Hi! I finished my sweater that I told you about in the Sweater Lesson a couple of weeks ago, and I couldn’t keep you hanging on the results. Well, I can …. but I won’t.
So I finished the sweater and it fits perfectly. The yarn definitely settled beautifully after wet blocking. I’m not sure about the neckline, I feel like it could be pulled in a bit, but a friend with a good eye says it’s perfect on me and my intuition tells me not to touch it, so it’s staying as it is. I made a compromise, I wove in the end in that area in a way that I can find it again, in case I want to take it back and re-knit it. The yarn is beautiful and comfortable, and I’ll definitely reorder it next year. Actually, as I was weaving in the ends I was thinking about making another in different colours, which is always the sign of a successful project. I was thinking of stripes in a combination of a dark red and a bright red.

With regards to the ‘lessons’, like my first blog post I still don’t know what I’m going to write about …. it seems you’ll be helping me again. I’ve been thinking about mistakes this week. People often tell me that they find it reassuring that I make mistakes too, which always strikes me as funny because: a. EVERYONE makes mistakes, and b. knitting is kind of about making mistakes, and then going back and fixing them (or alternately c. getting so fed up that you stick it in a corner and ignore that it exists).
Anyway, I was thinking about mistakes and why some people get caught up in them, and I think it’s shame. Not that I don’t wrestle with that particular demon on a regular basis, it just isn’t connected to knitting mistakes. Maybe I’ve just been doing this so long that I have a different perspective – I know with absolute certainty that there is no perfection, there’s only fixing mistakes and learning from the experience.
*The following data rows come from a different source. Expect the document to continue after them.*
(* Let $G=(V,E)$ be a finite graph with at least one vertex and $k>0$ an integer. Let $\mathcal F^{(2)}_k$ be the set of all stars $\sigma=\{(A_1,B_1),(A_2,B_2)\}\subseteq\vec S_k$ (with possibly $(A_1,B_1)=(A_2,B_2)$) such that $|B_1\cap B_2|<k$. The following are equivalent: (i) $G$ has a blockage of order $k-1$; (ii) $G$ has an $\mathcal F^{(2)}_k$-tangle of $S_k$; (iii) $G$ has no $S_k$-tree over $\mathcal F^{(2)}_k$; (iv) $G$ has path-width at least $k-1$.
   Context: An oriented vertex separation of $G$ is an ordered pair $(A,B)$ with $A\cup B=V$ and no edge between $A\setminus B$ and $B\setminus A$; $(A,B)\le(C,D)$ iff $A\subseteq C$ and $B\supseteq D$; $(A,B)^*=(B,A)$. $\vec S_k$ is the set of those with $|A\cap B|<k$, and $S_k$ the set of pairs $\{(A,B),(B,A)\}$ with $(A,B)\in\vec S_k$ (identified with unordered pairs $\{A,B\}$). A star is a nonempty set $\sigma$ with $\vec r\le\vec s^{\,*}$ for all distinct $\vec r,\vec s\in\sigma$. An orientation of $S_k$ contains exactly one of $(A,B),(B,A)$ for each pair; it is consistent if there are no distinct $r,s\in S_k$ with orientations $\vec r<\vec s$ such that $\vec r^{\,*},\vec s\in O$; an $\mathcal F$-tangle is a consistent orientation of $S_k$ no subset of which lies in $\mathcal F$. An $S_k$-tree over $\mathcal F$ is a pair $(T,\alpha)$, $T$ a finite tree with at least one edge, $\alpha$ mapping each ordered pair $(x,y)$ with $xy\in E(T)$ to $\vec S_k$ with $\alpha(y,x)=\alpha(x,y)^*$ and $\{\alpha(x,t):xt\in E(T)\}\in\mathcal F$ for every node $t$. For $X\subseteq V$, $\partial(X)$ is the set of vertices of $X$ with a neighbour outside $X$. A blockage of order $k-1$ is a collection $\mathcal B$ of subsets of $V$ such that (B1) $|\partial(X)|<k$ for all $X\in\mathcal B$; (B2) $X'\in\mathcal B$ whenever $X'\subseteq X\in\mathcal B$ and $|\partial(X')|<k$; (B3) for every $\{X_1,X_2\}\in S_k$, exactly one of $X_1,X_2$ lies in $\mathcal B$. Path-width is the minimum width of a tree-decomposition whose tree is a path. *)

From mathcomp Require Import all_boot.
Set Implicit Arguments. Unset Strict Implicit. Unset Printing Implicit Defensive.

Definition osep (V : finType) := ({set V} * {set V})%type.

Definition sep_swap (V : finType) (s : osep V) : osep V := (s.2, s.1).

Definition is_osep (V : finType) (e : rel V) (s : osep V) : bool :=
  (s.1 :|: s.2 == setT) &&
  [forall x, forall y, ~~ [&& x \in s.1 :\: s.2, y \in s.2 :\: s.1 & e x y]].

Definition in_vSk (V : finType) (e : rel V) (k : nat) (s : osep V) : bool :=
  is_osep e s && (#|s.1 :&: s.2| < k).

Definition sep_le (V : finType) (r s : osep V) : bool :=
  (r.1 \subset s.1) && (s.2 \subset r.2).

Definition is_star (V : finType) (sigma : {set osep V}) : Prop :=
  sigma != set0 /\
  forall r s, r \in sigma -> s \in sigma -> r != s -> sep_le r (sep_swap s).

Definition F2 (V : finType) (e : rel V) (k : nat) (sigma : {set osep V}) : Prop :=
  (forall s, s \in sigma -> in_vSk e k s) /\ is_star sigma /\
  exists r s, sigma = [set r; s] /\ #|r.2 :&: s.2| < k.

Definition is_orientation (V : finType) (e : rel V) (k : nat) (O : {set osep V}) : Prop :=
  (forall s, s \in O -> in_vSk e k s) /\
  (forall s, in_vSk e k s -> (s \in O) || (sep_swap s \in O)) /\
  (forall s, in_vSk e k s -> s != sep_swap s -> ~~ ((s \in O) && (sep_swap s \in O))).

Definition consistent (V : finType) (e : rel V) (k : nat) (O : {set osep V}) : Prop :=
  ~ exists r s, [/\ in_vSk e k r && in_vSk e k s,
                   (r != s) && (r != sep_swap s),
                   sep_le r s,
                   sep_swap r \in O & s \in O].

Definition is_tangle (V : finType) (e : rel V) (k : nat)
    (F : {set osep V} -> Prop) (O : {set osep V}) : Prop :=
  [/\ is_orientation e k O, consistent e k O &
      forall sigma : {set osep V}, sigma \subset O -> ~ F sigma].

Definition is_tree_with_edge (N : finType) (f : rel N) : Prop :=
  [/\ symmetric f, irreflexive f,
      (forall x y, connect f x y),
      (forall p : seq N, uniq p -> 3 <= size p -> ~~ cycle f p) &
      exists x y, f x y].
So I’m sitting on my hands, thinking “Huh, I don’t have this issue? Why am I different than all of these people?” and it smacks me in the face, I’m NOT different, I’m in the muck with everyone else.” My copious vulnerability issues just don’t manifest in the SAME way in my knitting.
The other day I was at the gym, working out and listening to the audiobook of Daring Greatly, (there’s so much shame and vulnerability swimming around a gym, I find it helps my workout to face it head on) and I finally get to the chapter about shame. The author is talking about stuff like the fear of disconnection, creativity, unlovability and connecting what you do (or what other people think) to your sense of self worth, and I think to myself: “Oh Crap …. ME,” …. and then; “Oh thank god, that’s IT!”
So how does the messy stuff in my head manifest? I subconsciously edit the things I make. I trim my creativity, I shave off the edges, water it down. Sometimes it manifests as a loss of interest in a project, or it comes out as a creative block and a project doesn’t make it off the ground. A bunch of the time I’ll get part of the way through and then the project will stall. I always thought that I have a short attention span, that other things are more important to work on right now, that I function on geological time (pre-industrial revolution), etc. Sometimes I’ll close off an idea before it’s even born: “Oh, I can’t do that,” or “That would never fly, nobody would ever go for that.” But nope, the truth is that I attach my self-worth to my product and at the first conceptualization of shame I shut down. Looking back, I think my earliest memory of this creative editing goes back to junior kindergarten … awww, I love me so much, I’m so consistent!
So there it is, I don’t really take issue with my mistakes because they aren’t the source of my self-judgement. But rest assured, by the time I get to the point where mistakes happen I’ve already painted myself into a safe little box. Of course, this stuff doesn’t just apply to my knitting & crochet projects, but that’s the awesome thing about crafts – there’s nothing on the line, they’re easy to talk about.

According to Lady Brene gratitude is the foundation of joy, and right now I’m feeling very grateful for the opportunity to make it to mid-life and to have a “second-half” of my life. One of the things I’ve learned is that when I open a new door I never know what’s going to proceed, but it’s ALWAYS interesting and always GOOD. I’m looking forward to seeing how I grow, I wonder what will happen with my projects?